We performed an analysis of the predefined text queries using part-of-speech (POS) tagging from NLTK [41], using a coarser grouping (10 types) of the POS tags. The queries range in length from 3 to 16 words, and the typical query contains 3 nouns and 1–2 verbs. A plot of the POS tags is shown in Fig. 1.

4 Analysis

During the system evaluation, each team maintained a record of user queries and the corresponding results for each task. In this section, we present a comprehensive analysis of these logs to gain a more in-depth understanding of system performance and user-interaction during the KIS tasks.

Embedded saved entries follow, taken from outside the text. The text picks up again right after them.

(* Suppose Assumptions A.1, A.2 and A.3 (stated in the context) hold. Then the constraint matrix of the linear recourse polyhedron $P$ is totally unimodular. Every entry of this matrix lies in $\{0,\pm1\}$, and every determinant of one of its square submatrices lies in $\{0,\pm1\}$.
   Context: Fix $d \ge 1$. The decision variables are $\mathbf{x}=(x_1,\dots,x_d)$, representing an individual, and $\mathbf{a}=(a_1,\dots,a_d)$, representing an action, with $(\mathbf{x},\mathbf{a})\in\mathbb{R}^{2d}$. For a feature index $j\in[d]$, a *feature term* $v_j$ denotes one of $x_j$, $a_j$ or $x_j+a_j$. The choice may differ from constraint to constraint. A *linear recourse constraint* is a linear inequality of one of the following three types. (i) An *integer bound constraint* $L_j\le v_j$ or $v_j\le U_j$, where $L_j,U_j\in\mathbb{Z}$. (ii) A *$K$-hot constraint* $\sum_{j\in J_i} s_{ij}\, v_j\le K_i$, where $J_i\subseteq[d]$, each $s_{ij}\in\{+1,-1\}$, and $K_i\in\mathbb{Z}$. (iii) A *(unit) directional linkage constraint* $v_j\le v_k$, where $j,k\in[d]$. The feature space $\mathcal{X}$, the region of interest $\mathcal{R}$, the box $B(\mathbf{u},\mathbf{l})=\{\mathbf{x}:\mathbf{l}\le\mathbf{x}\le\mathbf{u}\}$ with $\mathbf{u},\mathbf{l}\in\mathbb{Z}^d$, and the action set $A(\mathbf{x})$ are all assumed to be described by finitely many linear recourse constraints. The *linear recourse polyhedron* $P\subseteq\mathbb{R}^{2d}$ is the set of all $(\mathbf{x},\mathbf{a})$ satisfying all of these constraints, namely $\mathbf{x}+\mathbf{a}\in\mathcal{X}$, $\mathbf{x}\in\mathcal{R}$, $\mathbf{x}\in B(\mathbf{u},\mathbf{l})$ and $\mathbf{a}\in A(\mathbf{x})$. Let $\mathcal{J}=\{J_i\}$ be the family of index sets of the $K$-hot constraints. The *implication graph* is the undirected graph with one node $n_j$ for each $j\in[d]$ and an edge between $n_j$ and $n_k$ whenever some directional linkage constraint acts on features $j$ and $k$. Assumption A.1: no feature index appears in more than one $K$-hot constraint, i.e. $J_i\cap J_k=\emptyset$ for all distinct $J_i,J_k\in\mathcal{J}$. Assumption A.2: each connected component of the implication graph contains at most one node $n_j$ with $j\in\bigcup_{J_i\in\mathcal{J}}J_i$. Assumption A.3: the implication graph is acyclic. *)

From HB Require Import structures.
From mathcomp Require Import all_boot all_order all_algebra.
Set Implicit Arguments. Unset Strict Implicit. Unset Printing Implicit Defensive.
Import Order.TTheory GRing.Theory Num.Theory.
Local Open Scope ring_scope.

(* Variables are (x, a) in R^(2d); column c of the constraint matrix:
   lshift d j  <-> x_j,   rshift d j <-> a_j. *)

(* A feature term v_j : x_j, a_j or x_j + a_j. *)
Inductive fterm := TX | TA | TXA.

Definition term_vec (d : nat) (j : 'I_d) (t : fterm) : 'rV[int]_(d + d) :=
  \row_(c < d + d)
    ((if (c == lshift d j) && (if t is TA then false else true) then 1 else 0) +
     (if (c == rshift d j) && (if t is TX then false else true) then 1 else 0)).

The logs are structured in JSON format, and each log contains details such as the team user identifier, timestamp, query description, and a list of ranked items retrieved by the systems for each specific query. To ensure data accuracy, we verified the consistency and synchronization of timestamps with the DRES local time and we filtered out records not related to active tasks. However, it is essential to acknowledge that circumstances beyond our control may have led to incomplete logs. For instance, Visione encountered issues recording logs of a single user in two tasks where the user did not submit any results. Furthermore, teams logged retrieved results up to a maximum rank of 10,000, but in certain cases, especially when using filters, the maximum rank may be less than 10,000 in the log files. As a result, the analysis using these logs should be considered an estimation of the system performance.

4.1 Overall results

Let us start with a simple binary metric, namely whether the user was able to solve a given task within the time limit. Of the 228 user-task pairs in total, vibro, CVHunter and Visione users managed to solve 199, 198, and 198 tasks, respectively. We can therefore conclude that there were no significant differences w.r.t. binary solved tasks metric and focus on the capability of individual tools to provide correct answers quickly and reliably.

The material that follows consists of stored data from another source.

(* Let $G$ be a finite group with irreducible complex characters $\varphi_1,\dots,\varphi_t$, and let $Q$ be a quasigroup of order $|G|$. Then $Q$ is a balanced cover of the weighted character quasigroup of $G$ if and only if there exist pairwise disjoint subsets $S_1,\dots,S_t\subseteq Q$ with $|S_i|=\varphi_i(1)^2$ for each $i$ and $$S_i\cdot S_j=\sum_{k=1}^t\frac{\varphi_i(1)\varphi_j(1)\langle\varphi_i\cdot\varphi_j\mid\varphi_k\rangle}{\varphi_k(1)}\,S_k\qquad\text{for all }1\le i,j\le t.$$
   Context: The scalar product is $\langle\theta\mid\varphi\rangle=\frac{1}{|G|}\sum_{g\in G}\theta(g)\overline{\varphi(g)}$. The weighted character quasigroup of $G$ consists of the set $\{\varphi_1,\dots,\varphi_t\}$ with weights $w(\varphi_i)=\varphi_i(1)^2$ and multiplication function $\alpha(\varphi_i,\varphi_j,\varphi_k)=\varphi_i(1)\varphi_j(1)\varphi_k(1)\langle\varphi_i\varphi_j\mid\varphi_k\rangle$. A quasigroup $Q$ of order $|G|$ covers it if there is a surjection $f:Q\to\{\varphi_1,\dots,\varphi_t\}$ with $|f^{-1}\{\varphi_i\}|=\varphi_i(1)^2$ and $|\{(a,b)\in f^{-1}\{\varphi_i\}\times f^{-1}\{\varphi_j\} : f(ab)=\varphi_k\}|=\alpha(\varphi_i,\varphi_j,\varphi_k)$ for all $i,j,k$. The cover is balanced if, for all $i,j$ and all $q\in Q$, the number $m_q$ of pairs $(a,b)\in f^{-1}\{\varphi_i\}\times f^{-1}\{\varphi_j\}$ with $ab=q$ depends only on $f(q)$. For subsets (or multisubsets) $A,B$ of $Q$, $A\cdot B$ denotes the formal sum $\sum_{a\in A,b\in B}ab$ in the free $\mathbb{N}$-semimodule $\mathbb{N}Q$ on $Q$ (so it records multiplicities), and a subset $S$ is identified with $\sum_{q\in S}q$. *)

From HB Require Import structures.
From mathcomp Require Import all_boot all_order all_algebra all_fingroup all_solvable all_field all_character.
Set Implicit Arguments. Unset Strict Implicit. Unset Printing Implicit Defensive.
Import Order.TTheory GRing.Theory Num.Theory.
Local Open Scope ring_scope.

Definition quasigroup (Q : finType) (mul : Q -> Q -> Q) : Prop :=
  (forall a, bijective (mul a)) /\ (forall b, bijective (fun x => mul x b)).

Definition char_alpha (gT : finGroupType) (G : {group gT}) (i j k : Iirr G) : algC :=
  'chi_i 1%g * 'chi_j 1%g * 'chi_k 1%g * '['chi_i * 'chi_j, 'chi_k].

(* number of pairs (a,b) in A x B with a b = q : the multiplicity of q in the
   formal sum A . B in N Q *)
Definition prod_mult (Q : finType) (mul : Q -> Q -> Q) (A B : {set Q}) (q : Q) : nat :=
  #|[set p : Q * Q | (p.1 \in A) && (p.2 \in B) && (mul p.1 p.2 == q)]|.

Definition is_cover (gT : finGroupType) (G : {group gT}) (Q : finType)
    (mul : Q -> Q -> Q) (f : Q -> Iirr G) : Prop :=
  [/\ #|Q| = #|G|,
      (forall i : Iirr G, exists q, f q = i),
      (forall i : Iirr G, (#|f @^-1: [set i]|)%:R = 'chi_i 1%g ^+ 2) &
      (forall i j k : Iirr G,
         (#|[set p : Q * Q | (f p.1 == i) && (f p.2 == j) && (f (mul p.1 p.2) == k)]|)%:R
           = char_alpha i j k)].

Definition is_balanced_cover (gT : finGroupType) (G : {group gT}) (Q : finType)
    (mul : Q -> Q -> Q) (f : Q -> Iirr G) : Prop :=
  is_cover mul f /\
  (forall (i j : Iirr G) (q q' : Q), f q = f q' ->
     prod_mult mul (f @^-1: [set i]) (f @^-1: [set j]) q
     = prod_mult mul (f @^-1: [set i]) (f @^-1: [set j]) q').

Definition char_coef (gT : finGroupType) (G : {group gT}) (i j k : Iirr G) : algC :=
  'chi_i 1%g * 'chi_j 1%g * '['chi_i * 'chi_j, 'chi_k] / 'chi_k 1%g.

From HB Require Import structures.
From mathcomp Require Import all_boot all_order all_algebra all_fingroup all_solvable all_field all_character.
From mathcomp Require Import ring.

Set Implicit Arguments.
Unset Strict Implicit.
Unset Printing Implicit Defensive.
Import Order.TTheory GRing.Theory Num.Theory.
Local Open Scope ring_scope.

(* A cover f and a family of disjoint blocks S_i are the same data, S_i being
   the fibre of f over phi_i; the blocks exhaust Q because
   sum_i phi_i(1)^2 = |G| = |Q|.  Counting the pairs of S_i x S_j whose
   product lies in S_k gives alpha(i,j,k) = sum_(q in S_k) m_q.  Balancedness
   says that m_q is constant on S_k, hence equal to
   alpha(i,j,k) / phi_k(1)^2, the coefficient of S_k in S_i . S_j. *)

Lemma card_pairs_mul_in (Q : finType) (mul : Q -> Q -> Q) (A B C : {set Q}) :
  #|[set p : Q * Q | (p.1 \in A) && (p.2 \in B) && (mul p.1 p.2 \in C)]|
  = (\sum_(q in C) prod_mult mul A B q)%N.
Proof.
rewrite -sum1_card (partition_big (fun p : Q * Q => mul p.1 p.2) (mem C)).
  apply: eq_bigr => q qC; rewrite /prod_mult -sum1_card; apply: eq_bigl => p.
  by rewrite !inE; case: eqP => [->|]; rewrite ?andbF // (qC : q \in C) andbT.
by move=> p; rewrite inE => /andP[].
Qed.

Section Fibres.

Variables (I Q : finType) (f : Q -> I).

Lemma disjoint_fibres (i j : I) :
  i != j -> [disjoint f @^-1: [set i] & f @^-1: [set j]].
Proof.
move=> neq_ij; rewrite -setI_eq0; apply/eqP/setP => q.
by rewrite !inE; apply/andP => -[/eqP-> /eqP eq_ij]; rewrite eq_ij eqxx in neq_ij.
Qed.

Lemma sum_fibre_indicator (R : pzSemiRingType) (c : I -> R) (q : Q) :
  \sum_k c k * (q \in f @^-1: [set k])%:R = c (f q).
Proof.
rewrite (bigD1 (f q)) //= !inE eqxx mulr1 big1 ?addr0 // => k neq_k.
by rewrite !inE eq_sym (negbTE neq_k) mulr0.
Qed.

End Fibres.

Section Partitions.

Variables (I Q : finType) (S : I -> {set Q}).
Hypothesis S_disjoint : forall i j, i != j -> [disjoint S i & S j].

Lemma partition_cover_card :
  (\sum_i #|S i|)%N = #|Q| -> forall q, exists i, q \in S i.
Proof.
move=> card_sum q.
have cover : \bigcup_i S i = setT.
  apply/eqP; rewrite eqEcard subsetT cardsT -card_sum /=.
  rewrite -sum1_card (partition_disjoint_bigcup _ _ S_disjoint).
  by under [X in (_ <= X)%N]eq_bigr do rewrite sum1_card.
have : q \in \bigcup_i S i by rewrite cover inE.
by case/bigcupP => i _ qSi; exists i.
Qed.

Lemma partition_fibres :
  (forall q, exists i, q \in S i) ->
  exists f : Q -> I, forall i, f @^-1: [set i] = S i.
Proof.
move=> /fin_all_exists[f fS]; exists f => i; apply/setP => q; rewrite !inE.
apply/eqP/idP => [<- // | qSi]; apply/eqP; apply: contraTT qSi => neq_fq_i.
by rewrite (disjointFr (S_disjoint neq_fq_i) (fS q)).
Qed.

End Partitions.

Lemma char_alpha_coef (gT : finGroupType) (G : {group gT}) (i j k : Iirr G) :
  char_alpha i j k = 'chi_k 1%g ^+ 2 * char_coef i j k.
Proof.
have := irr1_neq0 k; rewrite /char_alpha /char_coef => nz_k.
by field.
Qed.

Section Cover.

Variables (gT : finGroupType) (G : {group gT}) (Q : finType).
Variables (mul : Q -> Q -> Q) (f : Q -> Iirr G).

Local Notation fibre i := (f @^-1: [set i]).

Lemma card_fibre_triples (i j k : Iirr G) :
  #|[set p : Q * Q | (f p.1 == i) && (f p.2 == j) && (f (mul p.1 p.2) == k)]|
  = (\sum_(q in fibre k) prod_mult mul (fibre i) (fibre j) q)%N.
Proof.
by rewrite -card_pairs_mul_in; apply: eq_card => p; rewrite !inE.
Qed.

Lemma balanced_cover_prod_mult :
  is_balanced_cover mul f -> forall (i j : Iirr G) (q : Q),
  (prod_mult mul (fibre i) (fibre j) q)%:R = char_coef i j (f q).
Proof.
move=> [[_ _ card_fibre count] balanced] i j q.
have := count i j (f q); rewrite card_fibre_triples char_alpha_coef.
under eq_bigr => q' /[!inE] /eqP fq' do rewrite (balanced i j q' q fq').
rewrite sum_nat_const natrM card_fibre => /mulfI-> //.
by rewrite expf_neq0 ?irr1_neq0.
Qed.

Lemma prod_mult_balanced_cover :
  #|Q| = #|G| ->
  (forall i : Iirr G, (#|fibre i|)%:R = 'chi_i 1%g ^+ 2) ->
  (forall (i j : Iirr G) (q : Q),
     (prod_mult mul (fibre i) (fibre j) q)%:R = char_coef i j (f q)) ->
  is_balanced_cover mul f.
Proof.
move=> card_Q card_fibre prod_coef; split; first split => //.
- move=> i; have /card_gt0P[q] : (0 < #|fibre i|)%N.
    rewrite lt0n -(eqr_nat algC) card_fibre expf_eq0 /=.
    exact: irr1_neq0.
  by rewrite !inE => /eqP; exists q.
- move=> i j k; rewrite card_fibre_triples natr_sum char_alpha_coef.
  under eq_bigr => q /[!inE] /eqP fq do rewrite prod_coef fq.
  by rewrite sumr_const -mulr_natr card_fibre mulrC.
- move=> i j q q' fqq'; apply/eqP; rewrite -(eqr_nat algC).
  by rewrite !prod_coef fqq'.
Qed.

End Cover.

Theorem mainTheorem3 (gT : finGroupType) (G : {group gT}) (Q : finType)
    (mul : Q -> Q -> Q) (hQ : quasigroup mul) (hord : #|Q| = #|G|) :
  (exists f : Q -> Iirr G, is_balanced_cover mul f) <->
  (exists S : Iirr G -> {set Q},
     [/\ (forall i j : Iirr G, i != j -> [disjoint S i & S j]),
         (forall i : Iirr G, (#|S i|)%:R = 'chi_i 1%g ^+ 2) &
         (forall (i j : Iirr G) (q : Q),
            (prod_mult mul (S i) (S j) q)%:R
            = \sum_(k : Iirr G) char_coef i j k * (q \in S k)%:R)]).
Proof.
split=> [[f f_balanced] | [S [S_disjoint card_S prod_S]]].
  exists (fun i => f @^-1: [set i]); split.
  - exact: disjoint_fibres.
  - by case: f_balanced => -[].
  - by move=> i j q; rewrite sum_fibre_indicator balanced_cover_prod_mult.
have card_sum : (\sum_i #|S i|)%N = #|Q|.
  apply/eqP; rewrite -(eqr_nat algC) natr_sum hord -irr_sum_square.
  by apply/eqP/eq_bigr => i _; rewrite card_S.
have [f fS] := partition_fibres S_disjoint (partition_cover_card S_disjoint card_sum).
exists f; apply: prod_mult_balanced_cover => // [i | i j q]; rewrite !fS //.
rewrite prod_S -(sum_fibre_indicator f).
by apply: eq_bigr => k _; rewrite fS.
Qed.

For this, we used the same metric as in the VBS competition, denoted as VBS score. First, we focused on results, if all users solved the tasks independently. The mean per-user VBS scores were 73.02, 72.58, and 73.38 for vibro, CVHunter and Visione users (no statistically significant differences were found). Finally, we focused on the same scenario as in VBS competitions, i.e., all users of a single tool play as a team, and the score of the fastest team member (who found the correct solution for the task) is considered as the team score. With these settings, the mean per-team VBS scores were 87.85, 85.77, and 78.84 for vibro, CVHunter and Visione. The differences were statistically significant between vibro and Visione (p value: 0.006 w.r.t. one-sided paired t test), and between CVHunter and Visione (p value: 0.049).

We also conducted a bootstrap analysis to verify the significance of the results and to estimate the necessary study sizes to reliably distinguish the performance of individual approaches. In particular, we draw k tasks, \(1\le k\le 200\) with repetition and calculated total per-team VBS scores for these tasks. Then, we evaluated whether each team was better than the other two. For each k, the task selection was repeated 500 times, and we report the percentage of cases, where one team was better than the other. Results of the bootstrap analysis confirmed the t test values when we sampled the same volume of tasks as in the actual volume of evaluated tasks (i.e., \(k=57\)). For these settings, vibro was better than CVHunter in 82% of cases and better than Visione in 100% of cases, while CVHunter was better than Visione in 95% of cases. The minimal necessary size of the study to reliably distinguish between vibro and Visione (w.r.t. 95% confidence) was \(\sim 20\) tasks. In order to estimate the necessary size of the study, where we can reliably distinguish vibro and CVHunter, one would need to extend far beyond the size of the conducted study. In particular, the bootstrap analysis suggests that the required study size would be \(\sim 160\) tasks.

4.2 Individual users versus system as a team

Figure 2 displays the distribution of VBS scores for each user within each system, as well as the team scores computed based on the collective performance of users within the same system, acting as a unified team. The calculation of the team score takes into account the time of the first correct score submission of a team member, while at the same time imposes a penalty for all incorrect submissions of a team member before the first correct submission. A noticeable observation is that both vibro and CVHunter systems have a user (user 1 in both cases) who achieved significantly lower scores compared to other team members. In the case of CVHunter, this discrepancy can be attributed to the fact that cvhunter1 was a novice user. As for vibro1, it appears that this user encountered difficulties in resolving the queries. For visione, the distribution of scores among users is more evenly distributed, although visione2 fell slightly behind compared to its team members. This could be due to the fact that visione2 had no prior competition experience, despite having contributed to the system development. Furthermore, it is worth noting that vibro secured the first position both as a single user (vibro2) and as a team. On the other hand, Visione achieved the second position as a single user (visione3), but ranked third as a team, behind CVHunter.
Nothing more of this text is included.